= Anna Dean =

British fiction writer

Anna Dean, the pseudonym for writer Marian Veevers (born 1956), is the listed author of the Dido Kent series of mystery novels.

==Biography==
Marian Veevers was born in Cumberland (now part of Cumbria) in England in 1956. She moved to the Midlands as a child but as she grew older she became determined to return to the Lake District and, after a few years living in Wales, she moved back to Cumbria in 1984. She lives near Ambleside with her husband.

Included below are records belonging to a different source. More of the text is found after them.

Definition strong_resolving_set (S : {set T}) : Prop :=
  forall u v : T, u != v -> exists2 w, w \in S & strongly_resolves w u v.
End Dist.

(* The graph S_n: vertex (t, i) with t = 0,1,2,3 standing for a_i, b_i, c_i, d_i. *)
Definition Sn_vertex (n : nat) := ('I_4 * 'I_n)%type.

Definition Sn_edge (n : nat) (x y : Sn_vertex n) : bool :=
  let: (t, i) := x in let: (s, j) := y in
  [|| (t == s) && (nat_of_ord j == (nat_of_ord i).+1 %% n),          (* x_i x_{i+1} *)
      [&& nat_of_ord t == 0, nat_of_ord s == 1 & nat_of_ord i == (nat_of_ord j).+1 %% n], (* a_{i+1} b_i *)
      [&& nat_of_ord t == 0, nat_of_ord s == 1 & nat_of_ord i == nat_of_ord j],      (* a_i b_i *)
      [&& nat_of_ord t == 1, nat_of_ord s == 2 & nat_of_ord i == nat_of_ord j]       (* b_i c_i *)
    | [&& nat_of_ord t == 2, nat_of_ord s == 3 & nat_of_ord i == nat_of_ord j]].     (* c_i d_i *)

Definition Sn_adj (n : nat) : rel (Sn_vertex n) :=
  fun x y => Sn_edge x y || Sn_edge y x.

From mathcomp Require Import all_boot zify.
Set Implicit Arguments. Unset Strict Implicit. Unset Printing Implicit Defensive.

(* Call u maximally distant from v when no neighbour of u is farther from v.
   If u and v are mutually maximally distant, a geodesic through one of them
   cannot be extended beyond it, so only u and v strongly resolve {u, v}: every
   strong resolving set meets {u, v}. In S_2k the pairs {b_i, d_(i+k)}, i < 2k,
   and {a_i, a_(i+k)}, i < k, are mutually maximally distant: the distances
   k + 2 and k bound from above the distance from b_j or d_j to any vertex and
   from a_j to any vertex of the a- and b-layers. These 3k pairs are disjoint. *)

Section GraphDistance.
Variables (T : finType) (adj : rel T).

Lemma reach_step m u w v : reach adj m u w -> adj w v -> reach adj m.+1 u v.
Proof. by move=> r a /=; apply/orP; right; apply/existsP; exists w; rewrite r. Qed.

Lemma reach_mono m p u v : m <= p -> reach adj m u v -> reach adj p u v.
Proof.
elim: p => [|p IH]; first by rewrite leqn0 => /eqP ->.
by rewrite leq_eqVlt => /predU1P [-> // | /IH r /r] /= ->.
Qed.

Lemma reach_cat m p u w v :
  reach adj m u w -> reach adj p w v -> reach adj (m + p) u v.
Proof.
move=> r1; elim: p v => [|p IH] v /=; first by move/eqP <-; rewrite addn0.
case/orP => [r | /existsP [x /andP [r a]]]; rewrite addnS; first by rewrite /= IH.
exact: reach_step (IH _ r) a.
Qed.

Lemma reach_lipschitz (F : T -> nat) c :
  (forall x y, adj x y -> F y <= F x + c) ->
  forall m u v, reach adj m u v -> F v <= F u + c * m.
Proof.
move=> HF; elim=> [|m IH] u v /=; first by move/eqP ->; rewrite muln0 addn0.
case/orP => [/IH | /existsP [x /andP [/IH r /HF a]]]; lia.
Qed.

Hypothesis adj_sym : symmetric adj.

Lemma reach_sym m u v : reach adj m u v -> reach adj m v u.
Proof.
elim: m v => [|m IH] v /=; first by rewrite eq_sym.
case/orP => [/IH -> // | /existsP [x /andP [/IH r a]]].
have vx1 : reach adj 1 v x by apply: (@reach_step 0 v v x); rewrite //= adj_sym.
exact: reach_cat vx1 r.
Qed.

Hypothesis connected : forall u v, exists2 m, m < #|T| & reach adj m u v.

Lemma gdist_has u v : has (fun m => reach adj m u v) (iota 0 #|T|).
Proof. by have [m lt r] := connected u v; apply/hasP; exists m; rewrite ?mem_iota. Qed.

Lemma gdist_lt u v : gdist adj u v < #|T|.
Proof. by rewrite /gdist -{2}(size_iota 0 #|T|) -has_find gdist_has. Qed.

Lemma gdist_reach u v : reach adj (gdist adj u v) u v.
Proof. by have := nth_find 0 (gdist_has u v); rewrite nth_iota ?gdist_lt. Qed.

Lemma gdist_min m u v : reach adj m u v -> gdist adj u v <= m.
Proof.
move=> r; case: (leqP #|T| m) => hm; first exact: ltnW (leq_trans (gdist_lt u v) hm).
rewrite leqNgt; apply/negP => lt.
by have := before_find 0 lt; rewrite nth_iota // add0n r.
Qed.

Lemma gdist_sym u v : gdist adj u v = gdist adj v u.
Proof. by apply/eqP; rewrite eqn_leq !gdist_min // reach_sym // gdist_reach. Qed.

Lemma gdist_triangle u w v : gdist adj u v <= gdist adj u w + gdist adj w v.
Proof. by apply: gdist_min; apply: reach_cat; apply: gdist_reach. Qed.

Lemma gdist_lipschitz (F : T -> nat) c :
  (forall x y, adj x y -> F y <= F x + c) ->
  forall u v, F v <= F u + c * gdist adj u v.
Proof. by move=> HF u v; apply: reach_lipschitz HF _ _ _ (gdist_reach u v). Qed.

Lemma gdist_last_step w u :
  w != u -> exists2 x, adj u x & (gdist adj w x).+1 <= gdist adj w u.
Proof.
move=> wu; move: (gdist_reach w u); case E: (gdist adj w u) => [|m] /=.
  by move=> h; rewrite h in wu.
case/orP => [/gdist_min | /existsP [x /andP [r a]]]; first by rewrite E ltnn.
by exists x; rewrite 1?adj_sym // ltnS gdist_min.
Qed.

Definition maximally_distant (u v : T) : Prop :=
  forall x, adj u x -> gdist adj v x <= gdist adj v u.

Lemma maximally_distant_geodesic w u v : maximally_distant u v ->
  gdist adj v w = gdist adj v u + gdist adj u w -> w = u.
Proof.
move=> Hu E; apply/eqP; apply: contraT => wu.
have [x ux lt] := gdist_last_step wu.
have := Hu x ux; have := gdist_triangle v x w.
have := gdist_sym x w; have := gdist_sym u w; lia.
Qed.

Lemma strongly_resolves_mutually_maximal w u v :
  maximally_distant u v -> maximally_distant v u ->
  strongly_resolves adj w u v -> w = u \/ w = v.
Proof.
move=> Hu Hv /orP [/eqP E | /eqP E].
- by left; apply: maximally_distant_geodesic Hu E.
- by right; apply: maximally_distant_geodesic Hv E.
Qed.

Lemma mutually_maximal_pair_meets (S : {set T}) u v :
  strong_resolving_set adj S -> u != v ->
  maximally_distant u v -> maximally_distant v u -> (u \in S) || (v \in S).
Proof.
move=> HS uv Hu Hv; have [w wS] := HS u v uv.
by case/(strongly_resolves_mutually_maximal Hu Hv) => <-; rewrite wS ?orbT.
Qed.
End GraphDistance.

Lemma pair_transversal_card_leq (T : finType) (S : {set T}) m
    (f1 f2 : 'I_m -> T) (g : T -> nat) :
  (forall i, g (f1 i) = i) -> (forall i, g (f2 i) = i) ->
  (forall i, (f1 i \in S) || (f2 i \in S)) -> m <= #|S|.
Proof.
move=> g1 g2 meets.
pose c i := if f1 i \in S then f1 i else f2 i.
have cS i : c i \in S by move: (meets i); rewrite /c; case: ifP.
have c_inj : injective c.
  move=> i j eq_c; apply: val_inj.
  have gc l : g (c l) = l by rewrite /c; case: ifP.
  by rewrite /= -(gc i) -(gc j) eq_c.
rewrite -[m]card_ord -(card_imset _ c_inj); apply: subset_leq_card.
by apply/subsetP => _ /imsetP [i _ ->].
Qed.

Definition LA : 'I_4 := @Ordinal 4 0 isT.
Definition LB : 'I_4 := @Ordinal 4 1 isT.
Definition LC : 'I_4 := @Ordinal 4 2 isT.
Definition LD : 'I_4 := @Ordinal 4 3 isT.

Lemma layer_cases (t : 'I_4) : [\/ t = LA, t = LB, t = LC | t = LD].
Proof.
case: t => [[|[|[|[|m]]]] hm] //.
- by apply: Or41; apply: val_inj.
- by apply: Or42; apply: val_inj.
- by apply: Or43; apply: val_inj.
- by apply: Or44; apply: val_inj.
Qed.

Section SnGraph.
Variable k : nat.
Hypothesis hk : 2 <= k.
Local Notation n := (2 * k).
Local Notation T := (Sn_vertex (2 * k)).
Local Notation adj := (@Sn_adj (2 * k)).

Lemma n_gt0 : 0 < n. Proof. lia. Qed.

Definition vx (t : 'I_4) (i : nat) : T := (t, Ordinal (ltn_pmod i n_gt0)).

Lemma vx_mod t i j : i %% n = j %% n -> vx t i = vx t j.
Proof. by move=> h; congr pair; apply: val_inj. Qed.

Lemma vx_modn t i : vx t i = vx t (i %% n).
Proof. by apply: vx_mod; rewrite modn_mod. Qed.

Lemma vx_ind (P : T -> Prop) : (forall t i, i < n -> P (vx t i)) -> forall x, P x.
Proof.
move=> H [t i]; have -> : (t, i) = vx t i.
  by congr pair; apply: val_inj; rewrite /= modn_small.
exact: H.
Qed.

Lemma Sn_adj_sym : symmetric adj.
Proof. by move=> x y; rewrite /Sn_adj orbC. Qed.

Lemma modSn_mod i : (i %% n).+1 %% n = i.+1 %% n.
Proof. by rewrite -[(i %% n).+1]addn1 -[i.+1]addn1 modnDml. Qed.

Lemma adj_layer t i : adj (vx t i) (vx t i.+1).
Proof. by rewrite /Sn_adj /Sn_edge /= eqxx modSn_mod eqxx. Qed.

Lemma adj_ab i : adj (vx LA i) (vx LB i).
Proof. by rewrite /Sn_adj /Sn_edge /= eqxx /= ?orbT. Qed.

Lemma adj_aSb i : adj (vx LA i.+1) (vx LB i).
Proof. by rewrite /Sn_adj /Sn_edge /= modSn_mod eqxx /= ?orbT. Qed.

Lemma adj_bc i : adj (vx LB i) (vx LC i).
Proof. by rewrite /Sn_adj /Sn_edge /= eqxx /= ?orbT. Qed.

Lemma adj_cd i : adj (vx LC i) (vx LD i).
Proof. by rewrite /Sn_adj /Sn_edge /= eqxx /= ?orbT. Qed.

Lemma adj_cb i : adj (vx LC i) (vx LB i).
Proof. by rewrite Sn_adj_sym adj_bc. Qed.

Lemma adj_dc i : adj (vx LD i) (vx LC i).
Proof. by rewrite Sn_adj_sym adj_cd. Qed.

Lemma adj_b_aS i e : e <= 1 -> adj (vx LB (i + e)) (vx LA i.+1).
Proof. by case: e => [|[|]] // _; rewrite Sn_adj_sym ?addn0 ?addn1 ?adj_aSb ?adj_ab. Qed.

Lemma adj_a_b i e : e <= 1 -> adj (vx LA (i + e)) (vx LB i).
Proof. by case: e => [|[|]] // _; rewrite ?addn0 ?addn1 ?adj_aSb ?adj_ab. Qed.

Lemma reach_layer_fwd t i m : reach adj m (vx t i) (vx t (i + m)).
Proof.
elim: m => [|m IH]; first by rewrite addn0 /=.
by rewrite addnS; apply: reach_step IH (adj_layer _ _).
Qed.

Lemma reach_layer_offset t i j m : i + m = j \/ i + m = j + n ->
  reach adj m (vx t i) (vx t j).
Proof.
case=> h; have := reach_layer_fwd t i m; rewrite h //.
by rewrite (@vx_mod t (j + n) j) ?modnDr.
Qed.

Lemma reach_layer_near_lt t i j : i < n -> j < n ->
  exists2 e, e <= 1 & reach adj k.-1 (vx t i) (vx t (j + e)).
Proof.
move=> hi hj; have [d hd off] : exists2 d, d < n & i + d = j \/ i + d = j + n.
  by case: (leqP i j) => ij; [exists (j - i) | exists (j + n - i)]; lia.
have back m j' : j' + m = i \/ j' + m = i + n -> reach adj m (vx t i) (vx t j').
  by move=> /(reach_layer_offset t)/(reach_sym Sn_adj_sym).
case: (ltngtP d k) => hdk.
- by exists 0; rewrite ?addn0 //; apply: reach_mono (reach_layer_offset t off); lia.
- by exists 0; rewrite ?addn0 //; apply: reach_mono (back (n - d) _ _); lia.
- by exists 1 => //; apply: back; lia.
Qed.

Lemma reach_layer_near t i j :
  exists2 e, e <= 1 & reach adj k.-1 (vx t i) (vx t (j + e)).
Proof.
have [e he r] := reach_layer_near_lt t (ltn_pmod i n_gt0) (ltn_pmod j n_gt0).
by exists e; rewrite // (vx_modn t i) (@vx_mod t (j + e) (j %% n + e)) ?modnDml.
Qed.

Veevers has worked as an assistant to a psychologist, she has worked for the National Trust, she has taught Creative Writing and worked for the Wordsworth Trust at Grasmere in the Lake District. The one constant throughout her life has been her writing. She has said, “I write compulsively. It all started with a mistake. When I was taught to write at the age of five I assumed that I must write books. By the time I realised my mistake and understood that it was not actually compulsory to create stories - the habit was too deeply ingrained to give up.”Veevers has an MA in Creative Writing.

==Literary career==
Veevers adopted the pen name “Anna Dean” for the Dido Kent series of historical crime novels set in the Regency period – the time of Jane Austen.

Under her ‘real name’, Veevers has published an historical novel, ‘Bloodlines’ in 1996 and has also written short stories and monologues for BBC Radio 4 and BBC Radio Cumbria. In 2017, she published 'Jane and Dorothy: A True Tale of Sense and Sensibility', which compares the lives of Jane Austen and Dorothy Wordsworth.

The Dido Kent mysteries are written partly in the form of letters and Veevers has a particular interest in old letters and documents. In 2002–2003, she worked as Writer in Residence for the Cumbria Archive Service where she developed the use of archive material as a source for creative writing.

==Bibliography==
As Anna Dean:
- A Moment of Silence (2008) Published in the US as Bellfield Hall (2010)
- A Gentleman of Fortune (2009)
- A Woman of Consequence (2010)
- A Place of Confinement (2012)

As Marian Veevers:
- Bloodlines (1996)
- Voices from the Archives (2003)
- Jane and Dorothy: A True Tale of Sense and Sensibility (2017)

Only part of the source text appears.